You work the graveyard shift at a hardware store with extended hours, just trying to scrape together enough to cover your university fees.
At this hour, the customers are predictable—plumbers, hotel maintenance guys, the occasional janitor picking up last-minute supplies.
And then there’s him. The odd one out.
A man in his forties, tall, well-groomed, with dark brown eyes and a neatly kept wallet that holds a picture of his kids. He’s friendly—aggressively friendly.

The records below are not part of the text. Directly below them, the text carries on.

(* There is an absolute constant $c>0$ such that for every $\delta'\in(0,1)$, with probability at least $1-4\delta'$ over the draw of $\mathcal D$, any SBEED output $(\hat V,\hat\pi)$ satisfies $$\|\hat V-\mathcal C^{\hat\pi}_\lambda\hat V\|_{2,\mu}\le c\left(\sqrt{\frac{\jmath}{n}}+\sqrt{\epsilon_{\mathcal V,\mathcal P}}+\sqrt[4]{\frac{\jmath}{n}\epsilon_{\mathcal V,\mathcal P}}+\sqrt{\epsilon_{\mathcal G,\mathcal V,\mathcal P}}+\sqrt[4]{\frac{\iota}{n}\epsilon_{\mathcal G,\mathcal V,\mathcal P}}+\sqrt{\frac{\iota}{n}}\right),$$ where $\iota=V_{\lambda,\max}^2\ln\frac{|\mathcal V||\mathcal P||\mathcal G|}{\delta'}$ and $\jmath=V_{\lambda,\max}^2\ln\frac{|\mathcal V||\mathcal P|}{\delta'}$.
   Context: Finite MDP with state space $\mathcal S$, action space $\mathcal A$, discount $\gamma\in[0,1)$, kernel $P$, reward $R:\mathcal S\times\mathcal A\to[0,R_{\max}]$; $\lambda>0$. $(\mathbb PV)(s,a)=\sum_{s'}P(s'\mid s,a)V(s')$; $(\mathcal C^\pi_\lambda V)(s,a)=R(s,a)+\gamma(\mathbb PV)(s,a)-\lambda\ln\pi(a\mid s)$. $\mu\in\Delta(\mathcal S\times\mathcal A)$, $\|f\|^2_{2,\mu}=\mathbb E_{\mu}[f(s,a)^2]$ (for $V$ depending only on $s$, $V-\mathcal C^\pi_\lambda V$ is $(s,a)\mapsto V(s)-(\mathcal C^\pi_\lambda V)(s,a)$). $V_{\lambda,\max}=(R_{\max}+\lambda\ln|\mathcal A|)/(1-\gamma)$. Finite classes $\mathcal V\subset[0,V_{\lambda,\max}]^{\mathcal S}$, $\mathcal P\subset\{\pi:\|\ln\pi\|_\infty\le V_{\lambda,\max}/\lambda\}$, $\mathcal G\subset[0,2V_{\lambda,\max}]^{\mathcal S\times\mathcal A}$. Dataset $\mathcal D=\{(s_i,a_i,r_i,s_i')\}_{i=1}^n$ with $(s_i,a_i)$ i.i.d. from $\mu$, $r_i=R(s_i,a_i)$, $s_i'\sim P(\cdot\mid s_i,a_i)$ independently. $\mathscr L_{\mathcal D}(V;V,\pi)=\frac1n\sum_i\big(V(s_i)-r_i-\gamma V(s_i')+\lambda\ln\pi(a_i\mid s_i)\big)^2$, $\mathscr R_{\mathcal D}(g;V,\pi)=\frac1n\sum_i\big(g(s_i,a_i)-r_i-\gamma V(s_i')+\lambda\ln\pi(a_i\mid s_i)\big)^2$. SBEED output: $(\hat V,\hat\pi)\in\arg\min_{V\in\mathcal V,\pi\in\mathcal P}\max_{g\in\mathcal G}\big[\mathscr L_{\mathcal D}(V;V,\pi)-\mathscr R_{\mathcal D}(g;V,\pi)\big]$. $\epsilon_{\mathcal V,\mathcal P}=\min_{V\in\mathcal V,\pi\in\mathcal P}\|V-\mathcal C^\pi_\lambda V\|^2_{2,\mu}$, $\epsilon_{\mathcal G,\mathcal V,\mathcal P}=\max_{V\in\mathcal V,\pi\in\mathcal P}\min_{g\in\mathcal G}\|g-\mathcal C^\pi_\lambda V\|^2_{2,\mu}$. *)

From mathcomp Require Import all_boot all_order all_algebra.
From mathcomp Require Import all_classical all_reals all_analysis.
Set Implicit Arguments. Unset Strict Implicit. Unset Printing Implicit Defensive.
Import Order.TTheory GRing.Theory Num.Theory.
Local Open Scope ring_scope.

Section Defs.
Variables (R : realType) (S A : finType).

Definition Vlmax (Rmax lam gam : R) : R :=
  (Rmax + lam * ln (#|A|%:R)) / (1 - gam).

(* (P V)(s,a) = sum_{s'} P(s'|s,a) V(s');  P s a s' = P(s' | s, a) *)
Definition PV (P : S -> A -> S -> R) (V : S -> R) (s : S) (a : A) : R :=
  \sum_(s' : S) P s a s' * V s'.

(* (C^pi_lambda V)(s,a) = R(s,a) + gamma (P V)(s,a) - lambda ln pi(a|s);
   pi s a = pi(a | s) *)
Definition Cop (Rw : S -> A -> R) (P : S -> A -> S -> R) (gam lam : R)
  (pi : S -> A -> R) (V : S -> R) (s : S) (a : A) : R :=
  Rw s a + gam * PV P V s a - lam * ln (pi s a).

Definition norm2mu (mu : S -> A -> R) (f : S -> A -> R) : R :=
  Num.sqrt (\sum_(s : S) \sum_(a : A) mu s a * (f s a) ^+ 2).

Definition is_distr_SA (mu : S -> A -> R) : Prop :=
  (forall s a, 0 <= mu s a) /\ \sum_(s : S) \sum_(a : A) mu s a = 1.

Definition is_kernel (P : S -> A -> S -> R) : Prop :=
  forall s a, (forall s', 0 <= P s a s') /\ \sum_(s' : S) P s a s' = 1.

Definition is_policy (pi : S -> A -> R) : Prop :=
  forall s, (forall a, 0 <= pi s a) /\ \sum_(a : A) pi s a = 1.

(* dataset: i-th sample (s_i, a_i, s_i'); reward r_i = R(s_i,a_i) *)
Definition dataset (n : nat) := {ffun 'I_n -> (S * A * S)%type}.

Definition LD n (D : dataset n) (Rw : S -> A -> R) (gam lam : R)
  (V : S -> R) (pi : S -> A -> R) : R :=
  n%:R^-1 * \sum_(i < n)
    (V (D i).1.1 - Rw (D i).1.1 (D i).1.2 - gam * V (D i).2
       + lam * ln (pi (D i).1.1 (D i).1.2)) ^+ 2.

But something about him never sits right. He’s too clean. No dust on his jeans, no name patch, no construction vest. He doesn’t look like someone who needs hardware supplies past midnight. He smells like most men—Irish Spring, sandalwood, musk, bergamot—but there’s an unnatural precision to his appearance, like he scrubs himself down before stepping through the doors.
In the daylight, you probably wouldn’t think twice about his tight, eager smile or the way he lingers just a little too long. But here, in the quiet hum of fluorescent lights, it’s hard to ignore the way he always buys the same things—a gallon of industrial cleaner, seven yards of vinyl tarp—always at the end of the month.
And he always smiles when he pays.
You smile back, even as something deep in your gut tells you not to. The interaction is polite. Routine.
But it feels cold.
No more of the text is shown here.